----- DATA -----

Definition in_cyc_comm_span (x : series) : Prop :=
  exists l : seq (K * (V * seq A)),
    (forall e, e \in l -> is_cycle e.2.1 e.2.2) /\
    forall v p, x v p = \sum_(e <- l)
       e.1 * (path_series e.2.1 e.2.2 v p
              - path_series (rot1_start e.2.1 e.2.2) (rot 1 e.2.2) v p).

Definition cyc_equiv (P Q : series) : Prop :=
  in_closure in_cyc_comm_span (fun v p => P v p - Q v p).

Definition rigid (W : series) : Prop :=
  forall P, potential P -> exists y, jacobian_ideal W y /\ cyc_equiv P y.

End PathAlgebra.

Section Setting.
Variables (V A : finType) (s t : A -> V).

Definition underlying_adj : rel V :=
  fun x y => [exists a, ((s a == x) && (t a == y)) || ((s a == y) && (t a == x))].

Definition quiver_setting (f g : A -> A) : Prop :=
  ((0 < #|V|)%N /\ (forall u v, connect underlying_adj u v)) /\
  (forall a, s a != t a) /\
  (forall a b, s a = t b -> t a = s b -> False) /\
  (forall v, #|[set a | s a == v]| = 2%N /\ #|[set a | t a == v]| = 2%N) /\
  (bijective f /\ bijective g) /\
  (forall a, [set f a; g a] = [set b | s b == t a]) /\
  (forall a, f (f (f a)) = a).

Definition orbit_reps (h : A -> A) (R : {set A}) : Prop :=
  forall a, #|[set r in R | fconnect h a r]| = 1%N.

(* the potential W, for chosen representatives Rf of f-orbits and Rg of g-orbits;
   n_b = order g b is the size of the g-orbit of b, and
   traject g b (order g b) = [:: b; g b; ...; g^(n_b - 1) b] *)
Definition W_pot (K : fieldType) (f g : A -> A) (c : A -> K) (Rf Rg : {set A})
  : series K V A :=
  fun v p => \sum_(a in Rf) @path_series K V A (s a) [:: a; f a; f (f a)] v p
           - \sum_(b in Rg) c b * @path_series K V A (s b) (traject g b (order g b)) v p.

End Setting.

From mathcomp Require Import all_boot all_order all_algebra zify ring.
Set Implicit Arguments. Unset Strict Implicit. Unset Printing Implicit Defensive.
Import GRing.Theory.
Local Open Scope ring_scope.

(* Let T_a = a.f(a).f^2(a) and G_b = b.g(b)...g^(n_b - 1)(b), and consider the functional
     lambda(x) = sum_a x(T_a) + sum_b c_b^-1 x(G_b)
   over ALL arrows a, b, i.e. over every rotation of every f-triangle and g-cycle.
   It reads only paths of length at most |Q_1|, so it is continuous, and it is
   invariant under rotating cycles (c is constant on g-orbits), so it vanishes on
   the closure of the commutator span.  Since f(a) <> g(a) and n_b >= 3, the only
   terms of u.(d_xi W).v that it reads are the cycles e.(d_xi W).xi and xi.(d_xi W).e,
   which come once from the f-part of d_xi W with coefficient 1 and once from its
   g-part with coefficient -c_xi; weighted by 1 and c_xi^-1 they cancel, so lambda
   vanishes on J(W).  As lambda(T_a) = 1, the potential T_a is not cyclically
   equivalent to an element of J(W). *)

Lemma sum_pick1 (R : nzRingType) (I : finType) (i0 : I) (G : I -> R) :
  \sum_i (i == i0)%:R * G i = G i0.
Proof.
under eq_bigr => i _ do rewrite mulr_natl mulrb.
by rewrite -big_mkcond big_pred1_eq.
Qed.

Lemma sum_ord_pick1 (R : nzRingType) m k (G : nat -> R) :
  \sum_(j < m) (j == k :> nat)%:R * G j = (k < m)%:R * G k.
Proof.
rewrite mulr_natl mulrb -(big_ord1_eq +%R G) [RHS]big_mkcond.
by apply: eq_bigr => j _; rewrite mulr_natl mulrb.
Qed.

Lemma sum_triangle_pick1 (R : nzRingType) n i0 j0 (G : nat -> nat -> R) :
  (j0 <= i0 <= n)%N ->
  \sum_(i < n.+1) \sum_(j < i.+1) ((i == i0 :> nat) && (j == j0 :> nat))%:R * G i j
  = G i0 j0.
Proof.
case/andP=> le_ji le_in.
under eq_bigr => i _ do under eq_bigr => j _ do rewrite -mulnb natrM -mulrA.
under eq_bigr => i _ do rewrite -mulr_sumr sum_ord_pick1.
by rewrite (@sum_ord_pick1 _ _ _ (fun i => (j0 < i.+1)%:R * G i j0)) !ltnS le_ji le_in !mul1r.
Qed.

-----
----- DATA -----

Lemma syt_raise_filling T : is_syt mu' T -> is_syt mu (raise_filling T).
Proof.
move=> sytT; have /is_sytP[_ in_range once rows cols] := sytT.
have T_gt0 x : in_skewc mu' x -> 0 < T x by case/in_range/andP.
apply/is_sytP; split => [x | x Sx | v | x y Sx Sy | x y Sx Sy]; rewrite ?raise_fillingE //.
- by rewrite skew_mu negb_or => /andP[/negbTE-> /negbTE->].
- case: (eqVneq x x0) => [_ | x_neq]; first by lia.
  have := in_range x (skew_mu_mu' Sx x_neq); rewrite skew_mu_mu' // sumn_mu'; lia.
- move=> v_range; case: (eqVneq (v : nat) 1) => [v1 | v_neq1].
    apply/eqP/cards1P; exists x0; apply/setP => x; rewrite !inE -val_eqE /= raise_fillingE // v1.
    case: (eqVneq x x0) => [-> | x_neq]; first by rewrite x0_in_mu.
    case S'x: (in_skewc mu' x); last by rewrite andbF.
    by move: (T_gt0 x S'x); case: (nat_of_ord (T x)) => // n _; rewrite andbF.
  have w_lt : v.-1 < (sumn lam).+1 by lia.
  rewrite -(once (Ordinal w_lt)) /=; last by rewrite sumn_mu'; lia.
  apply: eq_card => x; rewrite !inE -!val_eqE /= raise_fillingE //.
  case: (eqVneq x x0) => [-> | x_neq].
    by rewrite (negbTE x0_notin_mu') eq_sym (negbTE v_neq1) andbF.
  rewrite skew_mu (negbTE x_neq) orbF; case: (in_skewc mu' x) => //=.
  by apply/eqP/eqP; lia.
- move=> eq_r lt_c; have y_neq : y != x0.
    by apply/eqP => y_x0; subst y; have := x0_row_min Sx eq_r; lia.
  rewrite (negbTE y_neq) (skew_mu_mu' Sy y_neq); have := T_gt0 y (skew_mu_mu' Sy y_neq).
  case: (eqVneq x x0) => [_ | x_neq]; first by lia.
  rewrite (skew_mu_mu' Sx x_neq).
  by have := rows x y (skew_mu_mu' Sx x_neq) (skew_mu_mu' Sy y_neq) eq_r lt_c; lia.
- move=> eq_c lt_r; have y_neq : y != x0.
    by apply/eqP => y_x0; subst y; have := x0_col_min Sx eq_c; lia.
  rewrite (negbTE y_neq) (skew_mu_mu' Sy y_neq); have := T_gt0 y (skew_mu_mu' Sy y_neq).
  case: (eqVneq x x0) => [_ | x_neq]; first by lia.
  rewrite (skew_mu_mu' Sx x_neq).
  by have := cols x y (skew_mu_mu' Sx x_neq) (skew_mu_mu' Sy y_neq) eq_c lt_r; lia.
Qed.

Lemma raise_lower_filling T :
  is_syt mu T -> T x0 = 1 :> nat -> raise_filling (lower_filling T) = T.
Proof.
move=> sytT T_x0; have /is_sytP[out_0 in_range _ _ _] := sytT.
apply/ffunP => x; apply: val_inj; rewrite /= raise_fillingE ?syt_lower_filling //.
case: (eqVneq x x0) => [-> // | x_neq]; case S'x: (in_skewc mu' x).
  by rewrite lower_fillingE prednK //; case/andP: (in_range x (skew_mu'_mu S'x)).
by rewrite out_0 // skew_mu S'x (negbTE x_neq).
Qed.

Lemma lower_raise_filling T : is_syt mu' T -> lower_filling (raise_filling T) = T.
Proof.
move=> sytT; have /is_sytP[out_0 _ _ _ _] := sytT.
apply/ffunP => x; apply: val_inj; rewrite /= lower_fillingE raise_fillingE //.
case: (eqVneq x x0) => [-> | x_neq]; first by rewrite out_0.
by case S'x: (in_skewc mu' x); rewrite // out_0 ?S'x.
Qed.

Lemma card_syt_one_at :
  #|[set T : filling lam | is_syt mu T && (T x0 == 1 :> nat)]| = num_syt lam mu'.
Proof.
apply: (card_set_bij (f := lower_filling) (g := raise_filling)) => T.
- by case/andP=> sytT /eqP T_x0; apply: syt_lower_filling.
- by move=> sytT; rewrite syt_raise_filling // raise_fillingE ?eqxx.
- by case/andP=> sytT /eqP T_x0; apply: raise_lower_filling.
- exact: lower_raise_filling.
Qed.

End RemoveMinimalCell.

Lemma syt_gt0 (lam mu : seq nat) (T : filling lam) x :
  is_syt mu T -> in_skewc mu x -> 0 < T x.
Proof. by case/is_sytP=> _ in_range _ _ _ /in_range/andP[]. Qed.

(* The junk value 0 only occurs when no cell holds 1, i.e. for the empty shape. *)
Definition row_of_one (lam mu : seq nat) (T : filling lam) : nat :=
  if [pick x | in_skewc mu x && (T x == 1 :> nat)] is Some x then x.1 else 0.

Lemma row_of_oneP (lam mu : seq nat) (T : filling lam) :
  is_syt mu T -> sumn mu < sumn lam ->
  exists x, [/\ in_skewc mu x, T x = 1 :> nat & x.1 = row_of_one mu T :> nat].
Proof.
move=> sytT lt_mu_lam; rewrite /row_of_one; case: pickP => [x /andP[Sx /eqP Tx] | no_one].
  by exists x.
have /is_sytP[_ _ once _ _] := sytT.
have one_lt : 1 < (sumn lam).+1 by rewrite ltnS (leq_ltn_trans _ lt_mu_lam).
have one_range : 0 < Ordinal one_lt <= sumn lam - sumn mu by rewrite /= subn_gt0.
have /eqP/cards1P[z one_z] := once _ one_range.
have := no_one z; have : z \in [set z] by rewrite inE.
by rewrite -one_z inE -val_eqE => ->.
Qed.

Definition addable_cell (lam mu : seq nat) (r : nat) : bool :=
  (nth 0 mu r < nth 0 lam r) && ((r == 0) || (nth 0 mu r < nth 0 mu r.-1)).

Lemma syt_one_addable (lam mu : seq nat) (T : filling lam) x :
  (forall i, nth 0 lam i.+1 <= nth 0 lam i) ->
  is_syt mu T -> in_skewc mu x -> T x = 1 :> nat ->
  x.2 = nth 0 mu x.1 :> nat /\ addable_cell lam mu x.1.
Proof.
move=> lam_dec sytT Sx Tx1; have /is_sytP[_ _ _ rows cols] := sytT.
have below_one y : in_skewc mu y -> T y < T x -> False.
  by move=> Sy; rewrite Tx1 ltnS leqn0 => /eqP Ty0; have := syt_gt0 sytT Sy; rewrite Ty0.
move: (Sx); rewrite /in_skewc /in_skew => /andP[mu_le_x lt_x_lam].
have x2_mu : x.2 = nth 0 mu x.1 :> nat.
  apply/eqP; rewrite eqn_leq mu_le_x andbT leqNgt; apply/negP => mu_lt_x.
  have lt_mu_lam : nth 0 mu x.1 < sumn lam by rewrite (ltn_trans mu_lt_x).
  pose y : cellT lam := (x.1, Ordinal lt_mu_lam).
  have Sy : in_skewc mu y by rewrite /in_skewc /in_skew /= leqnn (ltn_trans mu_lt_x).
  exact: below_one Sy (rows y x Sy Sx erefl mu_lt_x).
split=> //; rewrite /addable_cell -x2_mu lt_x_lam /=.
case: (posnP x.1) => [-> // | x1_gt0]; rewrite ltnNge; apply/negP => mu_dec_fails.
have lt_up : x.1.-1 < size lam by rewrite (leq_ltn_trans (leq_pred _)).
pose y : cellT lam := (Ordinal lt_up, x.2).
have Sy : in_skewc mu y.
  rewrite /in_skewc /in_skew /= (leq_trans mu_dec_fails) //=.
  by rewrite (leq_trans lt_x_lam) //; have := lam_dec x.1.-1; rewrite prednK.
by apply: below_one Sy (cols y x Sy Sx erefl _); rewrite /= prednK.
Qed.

-----

_TASK TO COMPLETE_
Filter the entries down to the lines containing "ltnS". Copy each of those lines.

_ANSWER FOR THIS EXERCISE_
by rewrite (@sum_ord_pick1 _ _ _ (fun i => (j0 < i.+1)%:R * G i j0)) !ltnS le_ji le_in !mul1r.
have one_lt : 1 < (sumn lam).+1 by rewrite ltnS (leq_ltn_trans _ lt_mu_lam).
  by move=> Sy; rewrite Tx1 ltnS leqn0 => /eqP Ty0; have := syt_gt0 sytT Sy; rewrite Ty0.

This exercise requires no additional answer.